(Dataset items)
..........

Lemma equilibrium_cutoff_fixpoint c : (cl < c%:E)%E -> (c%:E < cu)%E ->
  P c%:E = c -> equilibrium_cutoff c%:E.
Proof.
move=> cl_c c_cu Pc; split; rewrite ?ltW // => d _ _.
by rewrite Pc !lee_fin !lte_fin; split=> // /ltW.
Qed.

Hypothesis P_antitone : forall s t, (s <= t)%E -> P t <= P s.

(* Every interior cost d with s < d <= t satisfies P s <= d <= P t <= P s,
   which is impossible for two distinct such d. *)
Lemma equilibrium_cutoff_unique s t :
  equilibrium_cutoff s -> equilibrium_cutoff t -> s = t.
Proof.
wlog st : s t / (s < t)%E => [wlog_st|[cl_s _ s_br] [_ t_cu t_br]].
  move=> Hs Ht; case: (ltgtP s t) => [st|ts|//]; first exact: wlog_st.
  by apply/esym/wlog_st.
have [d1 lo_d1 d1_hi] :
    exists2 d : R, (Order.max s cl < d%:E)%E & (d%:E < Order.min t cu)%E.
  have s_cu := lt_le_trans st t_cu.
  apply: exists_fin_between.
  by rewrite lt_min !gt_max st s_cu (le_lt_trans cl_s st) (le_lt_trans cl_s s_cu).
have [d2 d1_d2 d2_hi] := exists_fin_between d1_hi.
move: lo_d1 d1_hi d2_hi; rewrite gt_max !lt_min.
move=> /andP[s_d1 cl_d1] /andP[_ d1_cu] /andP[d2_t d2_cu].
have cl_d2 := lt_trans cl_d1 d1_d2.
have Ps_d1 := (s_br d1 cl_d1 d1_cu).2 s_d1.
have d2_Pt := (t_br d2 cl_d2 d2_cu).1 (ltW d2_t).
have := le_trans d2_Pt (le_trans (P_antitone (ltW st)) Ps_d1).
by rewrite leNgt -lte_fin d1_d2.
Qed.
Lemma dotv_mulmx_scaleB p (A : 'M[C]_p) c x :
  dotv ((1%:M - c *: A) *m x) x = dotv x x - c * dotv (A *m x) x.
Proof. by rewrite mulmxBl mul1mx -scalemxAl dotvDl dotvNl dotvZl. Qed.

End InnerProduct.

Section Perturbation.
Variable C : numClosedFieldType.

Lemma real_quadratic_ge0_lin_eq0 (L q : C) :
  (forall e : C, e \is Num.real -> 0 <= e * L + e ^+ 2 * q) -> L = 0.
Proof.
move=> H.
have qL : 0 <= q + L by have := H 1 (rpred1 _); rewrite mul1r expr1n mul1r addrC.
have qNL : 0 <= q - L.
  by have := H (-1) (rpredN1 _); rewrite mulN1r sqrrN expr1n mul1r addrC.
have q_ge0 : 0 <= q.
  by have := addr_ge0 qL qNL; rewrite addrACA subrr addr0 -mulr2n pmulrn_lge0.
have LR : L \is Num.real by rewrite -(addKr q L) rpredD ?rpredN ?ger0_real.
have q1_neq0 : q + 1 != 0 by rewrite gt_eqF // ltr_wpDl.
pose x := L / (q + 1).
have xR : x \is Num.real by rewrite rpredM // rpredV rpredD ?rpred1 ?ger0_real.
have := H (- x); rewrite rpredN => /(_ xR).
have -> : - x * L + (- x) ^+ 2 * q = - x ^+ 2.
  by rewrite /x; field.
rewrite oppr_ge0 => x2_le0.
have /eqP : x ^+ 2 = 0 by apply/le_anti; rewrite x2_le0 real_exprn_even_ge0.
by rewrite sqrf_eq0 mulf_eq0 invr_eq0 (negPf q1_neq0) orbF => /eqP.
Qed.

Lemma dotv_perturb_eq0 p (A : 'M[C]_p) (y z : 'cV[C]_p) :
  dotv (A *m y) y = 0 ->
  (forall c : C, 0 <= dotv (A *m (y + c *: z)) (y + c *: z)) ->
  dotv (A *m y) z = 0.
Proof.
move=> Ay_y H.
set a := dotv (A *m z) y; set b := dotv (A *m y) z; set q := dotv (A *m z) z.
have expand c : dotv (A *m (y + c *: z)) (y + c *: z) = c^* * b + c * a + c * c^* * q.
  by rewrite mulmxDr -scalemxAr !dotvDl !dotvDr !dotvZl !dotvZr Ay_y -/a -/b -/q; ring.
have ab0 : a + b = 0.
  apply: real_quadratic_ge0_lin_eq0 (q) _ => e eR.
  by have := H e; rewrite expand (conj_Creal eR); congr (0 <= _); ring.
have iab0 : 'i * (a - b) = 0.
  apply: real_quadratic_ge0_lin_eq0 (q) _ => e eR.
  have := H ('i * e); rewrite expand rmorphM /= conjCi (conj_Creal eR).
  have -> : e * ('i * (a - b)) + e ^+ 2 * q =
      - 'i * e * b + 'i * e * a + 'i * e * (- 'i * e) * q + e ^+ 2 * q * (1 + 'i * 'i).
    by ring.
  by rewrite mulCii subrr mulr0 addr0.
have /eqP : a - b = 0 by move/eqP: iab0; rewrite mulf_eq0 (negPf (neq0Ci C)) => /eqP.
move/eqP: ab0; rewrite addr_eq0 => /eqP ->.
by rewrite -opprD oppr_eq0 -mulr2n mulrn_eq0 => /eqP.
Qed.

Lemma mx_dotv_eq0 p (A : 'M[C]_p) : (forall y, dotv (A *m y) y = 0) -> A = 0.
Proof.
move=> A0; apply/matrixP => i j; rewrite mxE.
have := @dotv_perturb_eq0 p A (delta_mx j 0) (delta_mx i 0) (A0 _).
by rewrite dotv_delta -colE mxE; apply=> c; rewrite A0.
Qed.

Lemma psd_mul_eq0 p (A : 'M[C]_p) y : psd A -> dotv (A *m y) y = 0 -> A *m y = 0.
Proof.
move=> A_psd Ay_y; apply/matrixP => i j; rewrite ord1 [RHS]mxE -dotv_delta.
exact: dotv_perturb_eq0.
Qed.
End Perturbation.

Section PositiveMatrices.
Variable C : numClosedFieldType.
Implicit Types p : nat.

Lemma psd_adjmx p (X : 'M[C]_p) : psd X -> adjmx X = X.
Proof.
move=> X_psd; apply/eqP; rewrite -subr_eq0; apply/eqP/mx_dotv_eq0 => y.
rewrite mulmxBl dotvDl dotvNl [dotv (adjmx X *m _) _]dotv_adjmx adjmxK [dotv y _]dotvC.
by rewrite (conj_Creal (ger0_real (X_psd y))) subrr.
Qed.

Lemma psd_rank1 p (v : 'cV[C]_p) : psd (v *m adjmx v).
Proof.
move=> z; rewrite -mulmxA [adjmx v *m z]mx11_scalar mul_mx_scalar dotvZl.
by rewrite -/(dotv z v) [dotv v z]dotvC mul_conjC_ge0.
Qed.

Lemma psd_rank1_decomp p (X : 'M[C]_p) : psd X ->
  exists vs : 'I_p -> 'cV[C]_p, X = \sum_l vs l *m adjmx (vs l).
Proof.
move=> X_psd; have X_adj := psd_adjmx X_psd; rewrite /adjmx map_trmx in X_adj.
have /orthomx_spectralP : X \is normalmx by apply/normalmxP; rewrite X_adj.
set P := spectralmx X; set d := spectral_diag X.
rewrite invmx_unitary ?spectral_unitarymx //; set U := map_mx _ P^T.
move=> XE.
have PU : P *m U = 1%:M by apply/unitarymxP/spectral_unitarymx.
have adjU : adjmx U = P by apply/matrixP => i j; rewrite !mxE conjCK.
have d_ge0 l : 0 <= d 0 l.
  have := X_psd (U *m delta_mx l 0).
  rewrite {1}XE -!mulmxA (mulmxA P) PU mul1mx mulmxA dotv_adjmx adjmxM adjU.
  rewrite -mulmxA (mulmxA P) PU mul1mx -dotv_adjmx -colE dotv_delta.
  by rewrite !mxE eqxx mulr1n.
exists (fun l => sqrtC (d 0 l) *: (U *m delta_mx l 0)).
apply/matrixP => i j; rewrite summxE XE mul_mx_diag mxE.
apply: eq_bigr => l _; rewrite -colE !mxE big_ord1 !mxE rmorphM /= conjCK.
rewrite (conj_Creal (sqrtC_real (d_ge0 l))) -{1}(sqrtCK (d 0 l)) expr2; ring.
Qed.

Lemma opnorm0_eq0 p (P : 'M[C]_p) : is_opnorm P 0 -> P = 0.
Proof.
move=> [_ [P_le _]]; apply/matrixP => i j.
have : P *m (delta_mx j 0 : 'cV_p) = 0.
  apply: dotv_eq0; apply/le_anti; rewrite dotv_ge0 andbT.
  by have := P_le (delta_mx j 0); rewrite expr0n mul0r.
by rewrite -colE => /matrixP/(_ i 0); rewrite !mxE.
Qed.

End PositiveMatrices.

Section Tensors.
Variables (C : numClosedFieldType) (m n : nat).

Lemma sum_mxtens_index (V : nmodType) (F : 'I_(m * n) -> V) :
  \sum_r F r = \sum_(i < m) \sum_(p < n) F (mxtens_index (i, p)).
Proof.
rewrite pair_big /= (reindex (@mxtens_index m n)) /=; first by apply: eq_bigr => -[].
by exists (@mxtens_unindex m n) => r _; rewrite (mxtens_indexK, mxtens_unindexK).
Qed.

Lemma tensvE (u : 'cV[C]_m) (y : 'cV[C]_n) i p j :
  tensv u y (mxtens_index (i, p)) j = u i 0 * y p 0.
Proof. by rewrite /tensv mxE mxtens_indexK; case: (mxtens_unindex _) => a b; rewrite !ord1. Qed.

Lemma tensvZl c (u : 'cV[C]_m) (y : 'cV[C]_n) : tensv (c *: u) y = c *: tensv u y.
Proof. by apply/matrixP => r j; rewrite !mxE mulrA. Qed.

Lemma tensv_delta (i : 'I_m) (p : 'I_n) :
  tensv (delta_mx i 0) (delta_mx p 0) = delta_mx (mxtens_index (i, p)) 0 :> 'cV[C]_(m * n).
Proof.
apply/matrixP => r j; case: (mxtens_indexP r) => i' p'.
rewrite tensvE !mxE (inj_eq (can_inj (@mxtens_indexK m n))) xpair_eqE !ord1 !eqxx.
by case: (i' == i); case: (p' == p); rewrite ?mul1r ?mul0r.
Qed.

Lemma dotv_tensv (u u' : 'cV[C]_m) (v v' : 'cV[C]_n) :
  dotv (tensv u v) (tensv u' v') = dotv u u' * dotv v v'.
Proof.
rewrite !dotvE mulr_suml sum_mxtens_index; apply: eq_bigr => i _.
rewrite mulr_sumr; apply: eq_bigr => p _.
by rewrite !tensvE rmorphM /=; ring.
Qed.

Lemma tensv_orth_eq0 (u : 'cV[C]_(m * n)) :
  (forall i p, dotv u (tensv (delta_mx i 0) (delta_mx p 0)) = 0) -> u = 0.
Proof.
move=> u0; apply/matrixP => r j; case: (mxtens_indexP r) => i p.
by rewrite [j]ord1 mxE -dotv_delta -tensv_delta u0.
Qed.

..........

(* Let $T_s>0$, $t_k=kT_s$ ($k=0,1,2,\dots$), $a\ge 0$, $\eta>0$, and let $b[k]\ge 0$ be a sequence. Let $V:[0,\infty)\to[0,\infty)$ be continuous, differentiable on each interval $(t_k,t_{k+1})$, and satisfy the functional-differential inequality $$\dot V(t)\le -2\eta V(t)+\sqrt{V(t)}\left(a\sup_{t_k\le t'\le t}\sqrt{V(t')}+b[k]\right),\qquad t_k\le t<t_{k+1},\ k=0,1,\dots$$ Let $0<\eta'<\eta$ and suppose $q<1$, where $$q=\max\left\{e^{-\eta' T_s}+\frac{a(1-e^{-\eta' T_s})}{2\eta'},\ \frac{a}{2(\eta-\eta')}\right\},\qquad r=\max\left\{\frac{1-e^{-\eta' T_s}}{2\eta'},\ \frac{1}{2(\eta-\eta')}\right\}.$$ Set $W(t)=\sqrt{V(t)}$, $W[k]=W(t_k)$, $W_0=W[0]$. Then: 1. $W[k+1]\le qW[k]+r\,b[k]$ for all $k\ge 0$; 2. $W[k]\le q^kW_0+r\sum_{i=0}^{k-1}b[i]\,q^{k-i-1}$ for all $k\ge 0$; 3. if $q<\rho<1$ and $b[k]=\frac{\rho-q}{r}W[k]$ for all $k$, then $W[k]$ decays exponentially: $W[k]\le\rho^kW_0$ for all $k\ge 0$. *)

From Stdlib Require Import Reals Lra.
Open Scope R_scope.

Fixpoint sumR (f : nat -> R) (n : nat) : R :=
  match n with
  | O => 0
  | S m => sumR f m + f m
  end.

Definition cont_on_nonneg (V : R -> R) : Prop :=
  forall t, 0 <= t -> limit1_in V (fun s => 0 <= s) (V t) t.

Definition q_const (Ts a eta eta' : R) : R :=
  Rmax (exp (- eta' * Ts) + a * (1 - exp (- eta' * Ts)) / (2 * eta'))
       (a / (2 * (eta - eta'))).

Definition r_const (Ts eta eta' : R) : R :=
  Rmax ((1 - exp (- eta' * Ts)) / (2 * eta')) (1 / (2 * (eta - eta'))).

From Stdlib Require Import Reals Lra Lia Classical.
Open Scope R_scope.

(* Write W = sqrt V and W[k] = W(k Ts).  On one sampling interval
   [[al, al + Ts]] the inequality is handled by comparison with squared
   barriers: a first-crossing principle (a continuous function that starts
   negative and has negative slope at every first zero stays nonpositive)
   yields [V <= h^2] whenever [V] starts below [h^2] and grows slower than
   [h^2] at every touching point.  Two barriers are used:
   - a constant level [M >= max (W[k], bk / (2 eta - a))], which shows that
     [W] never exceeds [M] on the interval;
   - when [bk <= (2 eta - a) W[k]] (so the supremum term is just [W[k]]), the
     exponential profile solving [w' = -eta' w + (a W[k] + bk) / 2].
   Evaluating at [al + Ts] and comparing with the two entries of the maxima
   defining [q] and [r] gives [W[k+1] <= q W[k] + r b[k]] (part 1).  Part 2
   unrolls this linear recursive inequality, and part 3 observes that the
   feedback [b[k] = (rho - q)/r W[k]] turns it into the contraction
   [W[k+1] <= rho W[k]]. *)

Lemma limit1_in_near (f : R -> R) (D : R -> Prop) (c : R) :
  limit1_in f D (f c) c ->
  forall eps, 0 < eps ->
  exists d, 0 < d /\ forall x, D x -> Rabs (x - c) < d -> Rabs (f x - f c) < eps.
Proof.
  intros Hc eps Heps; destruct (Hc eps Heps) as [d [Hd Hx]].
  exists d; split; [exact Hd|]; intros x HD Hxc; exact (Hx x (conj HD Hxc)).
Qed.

..........

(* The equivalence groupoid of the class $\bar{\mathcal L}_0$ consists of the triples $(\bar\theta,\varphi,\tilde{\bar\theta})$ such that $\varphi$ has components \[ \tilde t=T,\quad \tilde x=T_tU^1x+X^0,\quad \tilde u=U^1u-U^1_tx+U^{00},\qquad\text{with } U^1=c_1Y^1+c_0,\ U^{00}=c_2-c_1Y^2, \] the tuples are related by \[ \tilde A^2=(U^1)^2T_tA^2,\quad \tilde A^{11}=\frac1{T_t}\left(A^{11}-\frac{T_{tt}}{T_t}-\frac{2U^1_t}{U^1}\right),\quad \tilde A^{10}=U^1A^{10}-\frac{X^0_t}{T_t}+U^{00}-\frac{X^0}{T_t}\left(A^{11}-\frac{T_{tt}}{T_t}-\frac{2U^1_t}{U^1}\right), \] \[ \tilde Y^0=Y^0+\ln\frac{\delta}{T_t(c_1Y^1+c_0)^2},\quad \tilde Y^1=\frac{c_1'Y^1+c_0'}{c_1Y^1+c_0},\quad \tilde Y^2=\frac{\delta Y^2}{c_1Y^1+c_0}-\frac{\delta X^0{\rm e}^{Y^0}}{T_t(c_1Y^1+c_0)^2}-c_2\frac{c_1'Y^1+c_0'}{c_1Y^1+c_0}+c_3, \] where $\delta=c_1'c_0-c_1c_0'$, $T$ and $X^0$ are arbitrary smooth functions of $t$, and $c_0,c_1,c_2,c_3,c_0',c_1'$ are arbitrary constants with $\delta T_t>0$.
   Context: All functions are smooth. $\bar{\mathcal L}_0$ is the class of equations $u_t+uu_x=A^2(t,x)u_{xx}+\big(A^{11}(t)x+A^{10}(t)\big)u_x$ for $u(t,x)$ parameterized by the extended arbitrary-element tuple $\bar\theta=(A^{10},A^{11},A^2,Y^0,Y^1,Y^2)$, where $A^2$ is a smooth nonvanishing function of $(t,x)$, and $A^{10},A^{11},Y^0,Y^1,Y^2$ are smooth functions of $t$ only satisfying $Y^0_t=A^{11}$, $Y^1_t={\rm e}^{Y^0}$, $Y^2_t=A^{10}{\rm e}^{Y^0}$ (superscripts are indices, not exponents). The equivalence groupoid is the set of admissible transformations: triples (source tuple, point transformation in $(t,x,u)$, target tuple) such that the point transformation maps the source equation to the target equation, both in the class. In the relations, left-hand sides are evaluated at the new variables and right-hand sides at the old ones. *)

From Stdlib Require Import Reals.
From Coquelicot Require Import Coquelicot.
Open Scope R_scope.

..........

(Your task) Going through the records above, count the lines that hold the string "adjU" and give only the total.

(Answer to this exercise) 2